The first and far more distinctive piece, "13 I 73 5:35-6:14:03 PM NYC," features a stripped-down version of the Theatre of Eternal Music ensemble, in this case just future avant-garde luminaries Jon Hassell and Garrett List.  The general idea is quite simple, as it is basically just a drone piece built from Young’s sine waves, Zazeela’s voice, and the ensemble’s sustained brass tones.  Over that, however, are Young’s otherworldly, nasal, ritualistic, and chant-like vocals.  On one level, Pandit Pran Nath’s influence is abundantly clear, but there is a buzzing, quasi-insectoid quality to Young's voice as well.  As such, the piece still sounds quite alien today, so I cannot begin to imagine what unsuspecting American listeners in the early ‘70s made of such a bizarre, time-stretched blending of Indian classical music and the hum of high voltage power lines.  Nor can I imagine what listeners would have made of the hyper-minimal second piece, "Drift Study 14 VII 73 9:27:27-10:06:41 PM NYC," a gently oscillating 39-minute sine-wave solo.  Neither piece offers anything in the way of conspicuous evolution or strong melody, as the emphasis is quite squarely on the hypnotic properties of endless repetition and on small-scale shifts in harmony and oscillation.  Dream House was far more than an unusual synthesis of Eastern music, minimalism, and the more experimental strains of jazz and classical music–it was a radical experiment in transforming how we hear and experience music.

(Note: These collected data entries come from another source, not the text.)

(* Let $C>0$ be a constant such that for every sufficiently large positive integer $q$ there exists a subset $S\subseteq\mathbb{Z}/q\mathbb{Z}$ with $|S|>q/\exp(C\sqrt{\log q})$ containing no three-term arithmetic progression modulo $q$ (no $a,b,c\in S$ with $a\not\equiv b$ and $a+b\equiv 2c\pmod q$). Then for every sequence $x_1,x_2,x_3,\dots$ of numbers in $(0,1]$ converging to $0$, there are infinitely many positive integers $n$ such that $$\frac{r(x_{n+1})}{r(x_n)}\ <\ \exp\left(-\frac{1}{2C^2}\left(\log^2 x_{n+1}-\log^2 x_n\right)\right).$$
   Context: For a positive integer $n$ and $T\subseteq \mathbb{Z}/n\mathbb{Z}$, $\mu_n(T)=\#\{(a,b,c)\in T^3 : a+b\equiv 2c \pmod n\}/n^2$ (ordered triples, trivial ones included). For $0<\rho\le1$, $r_q(\rho)=\min\{\mu_q(S): S\subseteq \mathbb{Z}/q\mathbb{Z},\ |S|\ge\rho q\}$, and $r(\rho)=\liminf_{q\to\infty,\ q\text{ prime}} r_q(\rho)$. *)

From HB Require Import structures.
From mathcomp Require Import all_boot all_order all_algebra.
From mathcomp Require Import all_classical all_reals all_analysis.
Set Implicit Arguments. Unset Strict Implicit. Unset Printing Implicit Defensive.
Import Order.TTheory GRing.Theory Num.Theory.
Local Open Scope ring_scope.
Local Open Scope classical_set_scope.

(* Z/nZ is modelled by 'I_n (residues 0..n-1), with congruences taken mod n. *)

Definition ap3 (n : nat) (a b c : 'I_n) : bool :=
  ((a + b) %% n == (2 * c) %% n)%N.

Definition mu3 {R : realType} (n : nat) (T : {set 'I_n}) : R :=
  (#|[set t : 'I_n * 'I_n * 'I_n |
        [&& t.1.1 \in T, t.1.2 \in T, t.2 \in T & ap3 t.1.1 t.1.2 t.2]]|)%:R
  / ((n ^ 2)%N)%:R.
Arguments mu3 {R} n T.

(* r_q(rho) = min { mu_q(S) : S subset of Z/qZ, |S| >= rho q }.
   The min is taken starting from mu_q(Z/qZ), which is itself a candidate
   whenever rho <= 1 (the only range used). *)
Definition rq {R : realType} (q : nat) (rho : R) : R :=
  \big[Order.min/mu3 q [set: 'I_q]]_(S : {set 'I_q} | rho * q%:R <= (#|S|)%:R)
     mu3 q S.

(* r(rho) = liminf_{q -> oo, q prime} r_q(rho)
          = sup_N inf { r_q(rho) : q prime, q >= N } *)
Definition rlim {R : realType} (rho : R) : R :=
  sup (range (fun N : nat => inf [set rq q rho | q in [set q : nat | prime q /\ (N <= q)%N]])).

Definition no3AP (q : nat) (S : {set 'I_q}) : Prop :=
  forall a b c : 'I_q, a \in S -> b \in S -> c \in S -> ap3 a b c -> a = b.

From HB Require Import structures.
From mathcomp Require Import all_boot all_order all_algebra.
From mathcomp Require Import all_classical all_reals all_analysis.
From mathcomp Require Import zify ring lra.
Import numFieldNormedType.Exports.
Import Order.TTheory GRing.Theory Num.Theory.

(* If the inequality failed for every n >= N, then r(x_n) exp(log^2 x_n / 2C^2)
   would be nondecreasing from N on, so r(x_n) >= c exp(-log^2 x_n / 2C^2) for
   some c > 0.  Conversely, a 3AP-free S in Z/M blows up to a set T in Z/q:
   cut [0, q/2) into blocks of length 2w and keep the first half of every block
   whose index lies in S.  No sum wraps around modulo q, so a + b = 2c in T
   forces a and b into the same block; hence mu_q(T) <= M w^2 / q^2 <= 1/M while
   |T| >= |S| q / 8M.  Taking S from the hypothesis with
   M ~ exp(log^2(8 rho) / C^2) gives r(rho) <= 2 exp(-log^2(8 rho) / C^2), which
   is eventually below the lower bound since x_n -> 0. *)

Set Implicit Arguments.
Unset Strict Implicit.
Unset Printing Implicit Defensive.

Lemma eq_quotient_small_rem (d x y r s : nat) :
  r < d -> s < d -> x * d + r = y * d + s -> x = y.
Proof.
move=> rd sd /(congr1 (divn^~ d)).
by rewrite !divnMDl ?divn_small ?addn0 //; lia.
Qed.

Section Blowup.

Variables (n w q : nat).
Hypothesis hq : 4 * n * w <= q.

Lemma blowup_elt_subproof (p : 'I_n * 'I_w) : p.1 * (2 * w) + p.2 < q.
Proof. case: p => [[s hs] [i hi]] /=; nia. Qed.

Definition blowup_elt (p : 'I_n * 'I_w) : 'I_q := Ordinal (blowup_elt_subproof p).

Lemma blowup_elt_div p : blowup_elt p %/ (2 * w) = p.1.
Proof. case: p => [s [i hi]] /=; rewrite divnMDl ?divn_small ?addn0 //; lia. Qed.

Lemma blowup_elt_mod p : blowup_elt p %% (2 * w) = p.2.
Proof. case: p => [s [i hi]] /=; rewrite modnMDl modn_small //; lia. Qed.

Lemma blowup_elt_inj : injective blowup_elt.
Proof.
move=> [s i] [s' i'] e; congr pair; apply: val_inj.
- by have := blowup_elt_div (s, i); rewrite e blowup_elt_div => /= ->.
- by have := blowup_elt_mod (s, i); rewrite e blowup_elt_mod => /= ->.
Qed.

Lemma blowup_elt_lt_half p : 2 * blowup_elt p < q.
Proof. case: p => [[s hs] [i hi]] /=; nia. Qed.

Definition blowup (S : {set 'I_n}) : {set 'I_q} :=
  blowup_elt @: finset.setX S [set: 'I_w].

Lemma card_blowup S : #|blowup S| = #|S| * w.
Proof. by rewrite card_imset ?cardsX ?cardsT ?card_ord //; apply: blowup_elt_inj. Qed.

Lemma ap3_blowup_elt p1 p2 p3 : ap3 (blowup_elt p1) (blowup_elt p2) (blowup_elt p3) ->
  blowup_elt p1 + blowup_elt p2 = 2 * blowup_elt p3.
Proof.
have := blowup_elt_lt_half p1; have := blowup_elt_lt_half p2.
have := blowup_elt_lt_half p3; rewrite /ap3 => h3 h2 h1 /eqP.
by rewrite !modn_small //; lia.
Qed.

Lemma ap3_blowup_elt_block S s1 s2 s3 (i1 i2 i3 : 'I_w) :
  no3AP S -> s1 \in S -> s2 \in S -> s3 \in S ->
  ap3 (blowup_elt (s1, i1)) (blowup_elt (s2, i2)) (blowup_elt (s3, i3)) -> s1 = s2.
Proof.
move=> hS S1 S2 S3 /ap3_blowup_elt /=.
have -> : s1 * (2 * w) + i1 + (s2 * (2 * w) + i2) = (s1 + s2) * (2 * w) + (i1 + i2) by ring.
have -> : 2 * (s3 * (2 * w) + i3) = (2 * s3) * (2 * w) + 2 * i3 by ring.
have [lt1 lt2 lt3] := And3 (ltn_ord i1) (ltn_ord i2) (ltn_ord i3).
move=> /eq_quotient_small_rem e; apply: (hS _ _ s3) => //.
by rewrite /ap3 e //; lia.
Qed.

Lemma card_ap3_blowup S : no3AP S ->
  #|[set t : 'I_q * 'I_q * 'I_q | [&& t.1.1 \in blowup S, t.1.2 \in blowup S,
                                     t.2 \in blowup S & ap3 t.1.1 t.1.2 t.2]]|
    <= n * w * w.
Proof.
move=> hS; set A := [set t | _].
have fst_inj : {in A &, injective (fun t : 'I_q * 'I_q * 'I_q => t.1)}.
  move=> [[a b] c] [[a' b'] c'] At At' /= [ea eb]; move: At At'.
  rewrite {}ea {}eb !inE /= => /and4P[/imsetP[p1 _ ->] /imsetP[p2 _ ->]].
  move=> /imsetP[p3 _ ->] /ap3_blowup_elt e /and4P[_ _ /imsetP[p3' _ ->]].
  move=> /ap3_blowup_elt; rewrite e => /eqP; rewrite eqn_pmul2l // => /eqP/ord_inj.
  by move=> ->.
pose pairs (t : 'I_n * 'I_w * 'I_w) := (blowup_elt (t.1.1, t.1.2), blowup_elt (t.1.1, t.2)).
rewrite -(card_in_imset fst_inj).
apply: (@leq_trans #|pairs @: [set: 'I_n * 'I_w * 'I_w]|).
  apply/subset_leq_card/fintype.subsetP => ab /imsetP[[[a b] c]].
  rewrite inE /= => /and4P[/imsetP[[s i] /finset.setXP[sS _] ->]].
  move=> /imsetP[[s' j] /finset.setXP[sS' _] ->] /imsetP[[s3 k] /finset.setXP[s3S _] ->] ap ->.
  have ss' := ap3_blowup_elt_block hS sS sS' s3S ap.
  by apply/imsetP; exists (s, i, j); rewrite ?finset.in_setT // /pairs /= ss'.
by apply: leq_trans (leq_imset_card _ _) _; rewrite cardsT !card_prod !card_ord.
Qed.

End Blowup.

Local Open Scope ring_scope.

Section Density.

Variable R : realType.

Lemma mu3E n (T : {set 'I_n}) :
  mu3 n T = #|[set t : 'I_n * 'I_n * 'I_n |
                [&& t.1.1 \in T, t.1.2 \in T, t.2 \in T & ap3 t.1.1 t.1.2 t.2]]|%:R
            / (n ^ 2)%:R :> R.
Proof.
rewrite /mu3; congr (_%:R / _); apply: eq_card => t.
by rewrite finset.inE; apply/idP/idP => [/set_mem|/mem_set].
Qed.

Lemma mu3_blowup_le n w q (hq : (4 * n * w <= q)%N) (S : {set 'I_n}) :
  (0 < n)%N -> (0 < w)%N -> no3AP S -> mu3 q (blowup hq S) <= n%:R^-1 :> R.
Proof.
move=> n0 w0 hS; have q0 : (0 < q)%N by nia.
rewrite mu3E ler_pdivrMr ?ltr0n ?expn_gt0 ?q0 // mulrC ler_pdivlMr ?ltr0n //.
rewrite -natrM ler_nat (leq_trans (leq_mul (card_ap3_blowup hq hS) (leqnn n))) //.
nia.
Qed.

Lemma rq_ge0 q (rho : R) : 0 <= rq q rho.
Proof. by apply: le_bigmin => [|S _]; rewrite /mu3 divr_ge0. Qed.

Lemma rq_le_inv n (S : {set 'I_n}) (rho : R) q :
  (0 < n)%N -> no3AP S -> 0 <= rho -> rho * (8 * n)%:R <= #|S|%:R ->
  (8 * n <= q)%N -> rq q rho <= n%:R^-1.
Proof.
move=> n0 hS rho0 hSrho hq; pose w := (q %/ (4 * n))%N.
have w0 : (0 < w)%N by rewrite divn_gt0; nia.
have hw : (4 * n * w <= q)%N by rewrite mulnC leq_trunc_div.
have q_lt : (q <= 8 * n * w)%N.
  by have := @ltn_ceil q (4 * n) ltac:(nia); rewrite -/w; nia.
apply: le_trans (mu3_blowup_le hw n0 w0 hS); apply: bigmin_le_cond.
rewrite card_blowup natrM.
apply: (@le_trans _ _ (rho * (8 * n * w)%:R)); first by rewrite ler_wpM2l ?ler_nat.
by rewrite [(8 * n * w)%N]mulnC natrM mulrCA mulrC ler_wpM2r.
Qed.

Lemma rlim_ge0 (rho : R) : 0 <= rlim rho.
Proof.
rewrite /rlim; set E := (X in sup X).
have [hE|] := pselect (has_sup E); last by move/sup_out ->.
apply: le_trans (sup_upper_bound hE (ex_intro2 _ _ 0%N I erefl)).
apply: lb_le_inf => [|_ [q _ <-]]; last exact: rq_ge0.
by have [p _ pp] := prime_above 0; exists (rq p rho), p.
Qed.

Lemma rlim_le_eventually (rho b : R) Q0 :
  (forall q, (Q0 <= q)%N -> prime q -> rq q rho <= b) -> rlim rho <= b.
Proof.
move=> hb; apply: ge_sup => [|_ [N _ <-]]; first by eexists; exists 0%N.
have [p Np pp] := prime_above (maxn N Q0).
have [NQ Q0p] : (N <= p /\ Q0 <= p)%N by split; apply: ltnW; lia.
apply: le_trans (hb p Q0p pp); apply: ge_inf; last by exists p.
by exists 0 => _ [q _ <-]; apply: rq_ge0.
Qed.

Lemma rlim_le_inv n (S : {set 'I_n}) (rho : R) :
  (0 < n)%N -> no3AP S -> 0 <= rho -> rho * (8 * n)%:R <= #|S|%:R ->
  rlim rho <= n%:R^-1.
Proof.
move=> n0 hS rho0 hSrho; apply: (@rlim_le_eventually _ _ (8 * n)) => q hq _.
exact: rq_le_inv n0 hS rho0 hSrho hq.
Qed.

Lemma expR_sqr_gap (D b c K v : R) : 0 < D -> 0 < b -> 0 < c -> ln 2 - ln c <= K ->
  4 * b + 1 <= v -> 8 * D * K + 1 <= v ->
  2 * expR (- (v ^+ 2 / D)) < c * expR (- ((v + b) ^+ 2 / (2 * D))).
Proof.
move=> D0 b0 c0 cK vb vK.
have gap : 2 * D * (ln 2 - ln c) < 2 * v ^+ 2 - (v + b) ^+ 2.
  have DK : D * (ln 2 - ln c) <= D * K by apply: ler_wpM2l => //; apply: ltW.
  have v0 : 0 <= v by lra.
  have bv : 4 * b * v <= (v - 1) * v by apply: ler_wpM2r => //; lra.
  have bb : 4 * b * b <= (v - 1) * b by apply: ler_wpM2r => //; lra.
  have vv : v <= v * v by apply: ler_peMl; lra.
  lra.
rewrite -[2 in X in X < _]lnK ?posrE // -[c in X in _ < X]lnK ?posrE //.
rewrite -!expRD ltr_expR -subr_gt0.
have -> : ln c + - ((v + b) ^+ 2 / (2 * D)) - (ln 2 + - (v ^+ 2 / D)) =
          (2 * v ^+ 2 - (v + b) ^+ 2 - 2 * D * (ln 2 - ln c)) / (2 * D).
  by field; rewrite gt_eqF.
by rewrite divr_gt0 ?subr_gt0 ?mulr_gt0.
Qed.

Section Behrend.

Variables (C : R) (Q : nat).
Hypothesis hC : 0 < C.
Hypothesis hQ : forall q : nat, (Q <= q)%N ->
  exists S : {set 'I_q},
    q%:R / expR (C * Num.sqrt (ln (q%:R : R))) < #|S|%:R /\ no3AP S.

Lemma rlim_le_behrend n (rho : R) : (Q <= n)%N -> (0 < n)%N -> 0 < rho ->
  C * Num.sqrt (ln n%:R) <= - ln (8 * rho) -> rlim rho <= n%:R^-1.
Proof.
move=> Qn n0 rho0 hsqrt; have [S [hS no3]] := hQ Qn.
apply: rlim_le_inv n0 no3 (ltW rho0) (le_trans _ (ltW hS)).
have rho8 : 0 < 8 * rho by rewrite mulr_gt0.
have hexp : expR (C * Num.sqrt (ln n%:R)) <= (8 * rho)^-1.
  by rewrite -[X in _ <= X]lnK ?posrE ?invr_gt0 // lnV ?posrE // ler_expR.
rewrite ler_pdivlMr ?expR_gt0 //; apply: le_trans (ler_wpM2l _ hexp) _.
  by rewrite mulr_ge0 ?(ltW rho0).
by rewrite natrM mulrA [rho * 8]mulrC mulrAC mulfV ?gt_eqF // mul1r.
Qed.

Lemma rlim_le_expR_sqr (rho v : R) : 0 < rho -> ln (8 * rho) = - v ->
  1 <= v -> C ^+ 2 * Q.+1%:R <= v -> rlim rho <= 2 * expR (- (v ^+ 2 / C ^+ 2)).
Proof.
move=> rho0 ev v1 vQ; have C2 : 0 < C ^+ 2 by rewrite exprn_gt0.
set Y := expR (v ^+ 2 / C ^+ 2); set n := Num.truncn Y.
have QY : Q.+2%:R <= Y.
  apply: le_trans (expR_ge1Dx _); rewrite -addn1 natrD addrC lerD2l.
  by rewrite ler_pdivlMr // mulrC (le_trans vQ) // expr2 ler_peMl // (le_trans ler01).
have Qn : (Q.+1 < n)%N by rewrite truncn_gt_nat.
have nY : n%:R <= Y by rewrite truncn_le expR_ge0.
have Yn : Y <= 2 * n%:R.
  by apply/ltW/(lt_le_trans (truncnS_gt Y)); rewrite -/n -natrM ler_nat; lia.
have n0 : 0 < n%:R :> R by rewrite ltr0n; lia.
have sqrt_ln_n : C * Num.sqrt (ln n%:R) <= v.
  have vC : 0 <= v / C by rewrite divr_ge0 ?(ltW hC) //; lra.
  rewrite -ler_pdivlMl // mulrC -(ger0_norm vC) -sqrtr_sqr.
  rewrite ler_sqrt ?sqr_ge0 // expr_div_n -[X in _ <= X]expRK.
  by rewrite ler_ln ?posrE ?expR_gt0.
apply: le_trans (rlim_le_behrend (n := n) _ _ rho0 _) _; [lia | lia | by rewrite ev opprK |].
by rewrite expRN -/Y ler_pdivlMr ?expR_gt0 // mulrC ler_pdivrMr.
Qed.

Lemma rlim_small (c : R) : 0 < c -> exists2 eps : R, 0 < eps &
  forall rho, 0 < rho < eps -> rlim rho < c * expR (- (ln rho ^+ 2 / (2 * C ^+ 2))).
Proof.
move=> c0; have C2 : 0 < C ^+ 2 by rewrite exprn_gt0.
have b0 : 0 < ln (8 : R) by rewrite ln_gt0 // ltr1n.
have Kk := ler_norm (ln 2 - ln c); have k0 := normr_ge0 (ln 2 - ln c).
move: `|_| Kk k0 => k Kk k0.
have Q0 : 0 <= Q.+1%:R :> R := ler0n _ _.
have V0 : 0 <= 8 * C ^+ 2 * k /\ 0 <= C ^+ 2 * Q.+1%:R by split; nra.
(* One summand for each lower bound on v used below. *)
pose V := 4 * ln 8 + 1 + 8 * C ^+ 2 * k + C ^+ 2 * Q.+1%:R.
exists (expR (- V) / 8) => [|rho /andP[rho0 rhoV]]; first by rewrite divr_gt0 ?expR_gt0.
have rho8 : 0 < 8 * rho by rewrite mulr_gt0.
have [v ev] : {v | ln (8 * rho) = - v} by exists (- ln (8 * rho)); rewrite opprK.
have Vv : V < v.
  by rewrite -[v]opprK -ev ltrNr -ltr_expR lnK ?posrE // mulrC -ltr_pdivlMr.
have lnrho : ln rho = - (v + ln 8) by move: ev; rewrite lnM ?posrE //; lra.
rewrite /V in Vv.
apply: le_lt_trans (rlim_le_expR_sqr rho0 ev _ _) _; [lra | lra |].
by rewrite lnrho sqrrN (expR_sqr_gap _ _ _ Kk) //; lra.
Qed.

End Behrend.

End Density.

Lemma ratio_lower_bound (R : realType) (u e : nat -> R) N :
  (forall k, 0 <= u k) ->
  (forall k, (N <= k)%N -> expR (e k - e k.+1) <= u k.+1 / u k) ->
  exists2 c, 0 < c & forall k, (N <= k)%N -> c * expR (- e k) <= u k.
Proof.
move=> u0 hu.
have upos k : (N <= k)%N -> 0 < u k.
  (* u k = 0 would make the ratio u k.+1 / u k equal to 0. *)
  move=> Nk; rewrite lt_neqAle u0 andbT; apply/eqP => uk0.
  by have := hu k Nk; rewrite -uk0 invr0 mulr0 leNgt expR_gt0.
pose g k := u k * expR (e k).
have g_nondecr d : g N <= g (N + d)%N.
  elim: d => [|d IH]; first by rewrite addn0.
  apply: le_trans IH _; rewrite addnS /g; set k := (N + d)%N.
  have := hu k (leq_addr _ _); rewrite ler_pdivlMr ?upos ?leq_addr // => h.
  rewrite -[e k](subrK (e k.+1)) expRD mulrA [u k * _]mulrC.
  by rewrite ler_wpM2r ?expR_ge0.
exists (g N) => [|k Nk]; first by rewrite mulr_gt0 ?upos ?expR_gt0.
have := g_nondecr (k - N)%N; rewrite subnKC // /g => h.
apply: le_trans (ler_wpM2r (expR_ge0 (- e k)) h) _.
by rewrite -mulrA -expRD subrr expR0 mulr1.
Qed.

Local Open Scope classical_set_scope.
Local Open Scope ring_scope.

Theorem lemma3 (R : realType) (C : R) (hC : 0 < C)
  (hBehrend : exists Q : nat, forall q : nat, (Q <= q)%N ->
      exists S : {set 'I_q},
        q%:R / expR (C * Num.sqrt (ln (q%:R : R))) < (#|S|)%:R /\ no3AP S)
  (x : nat -> R) (hx : forall k, 0 < x k <= 1) (hx0 : x @ \oo --> 0) :
  forall N : nat, exists k : nat, (N <= k)%N /\
    rlim (x k.+1) / rlim (x k)
      < expR (- (1 / (2 * C ^+ 2)) * (ln (x k.+1) ^+ 2 - ln (x k) ^+ 2)).
Proof.
move=> N; have [Q hQ] := hBehrend; apply: contrapT => hno.
pose e k := ln (x k) ^+ 2 / (2 * C ^+ 2).
have hratio k : (N <= k)%N -> expR (e k - e k.+1) <= rlim (x k.+1) / rlim (x k).
  move=> Nk; rewrite leNgt; apply/negP => hlt; apply: hno; exists k; split => //.
  by congr (_ < expR _): hlt; rewrite /e; field; rewrite gt_eqF ?mulr_gt0 ?exprn_gt0.
have [c c0 hlow] := ratio_lower_bound (fun k => rlim_ge0 (x k)) hratio.
have [eps eps0 hsmall] := rlim_small hC hQ c0.
have [n _ hn] := (cvgrPdist_lt _ _).1 hx0 eps eps0.
have [k [Nk xk]] : exists k, (N <= k)%N /\ x k < eps.
  exists (maxn N n); split; first exact: leq_maxl.
  have := hn (maxn N n) (leq_maxr N n); rewrite /= sub0r normrN ger0_norm //.
  by case/andP: (hx (maxn N n)) => /ltW.
have xk0 : 0 < x k < eps by case/andP: (hx k) => -> _.
by have := lt_le_trans (hsmall _ xk0) (hlow k Nk); rewrite ltxx.
Qed.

There is no question at all that Dream House is a radical and significant work by a woefully underdocumented and hugely influential figure.  However, the inevitable downside to being a groundbreaking visionary is that when one of your seminal masterpieces is finally reissued 40 years after it was recorded, the rest of the experimental music world has already long caught and surpassed it.  Granted, the first half of the album still sounds quite unusual by 2016 standards, but its capacity to blow anyone's mind has long expired.  In the case of most composers, there would be some sadness to that, but La Monte Young’s career almost seemed completely independent of his albums.  Dream House is merely a snapshot of an ephemeral instant in an endless evolution, as any clips that I have heard from Dream House installations are considerably more immersive and harmonically complex than what is documented here.  Also, "13 I 73 5:35-6:14:03 PM NYC" is allegedly just a mere section of a larger piece called "Map Of 49's Dream The Two Systems Of Eleven Sets Of Galactic Intervals Ornamental Lightyears Tracery."  And, of course, that piece is itself allegedly just a section of Young’s even larger and never-ending opus "The Tortoise, His Dreams And Journeys."  Odds are quite high that most of Young’s greatest work probably existed only live or in concept alone, so we are probably lucky to get to hear any of it at all.  There is not much available, so every single bit is cause for excitement.  I am absolutely thrilled that this has finally been reissued.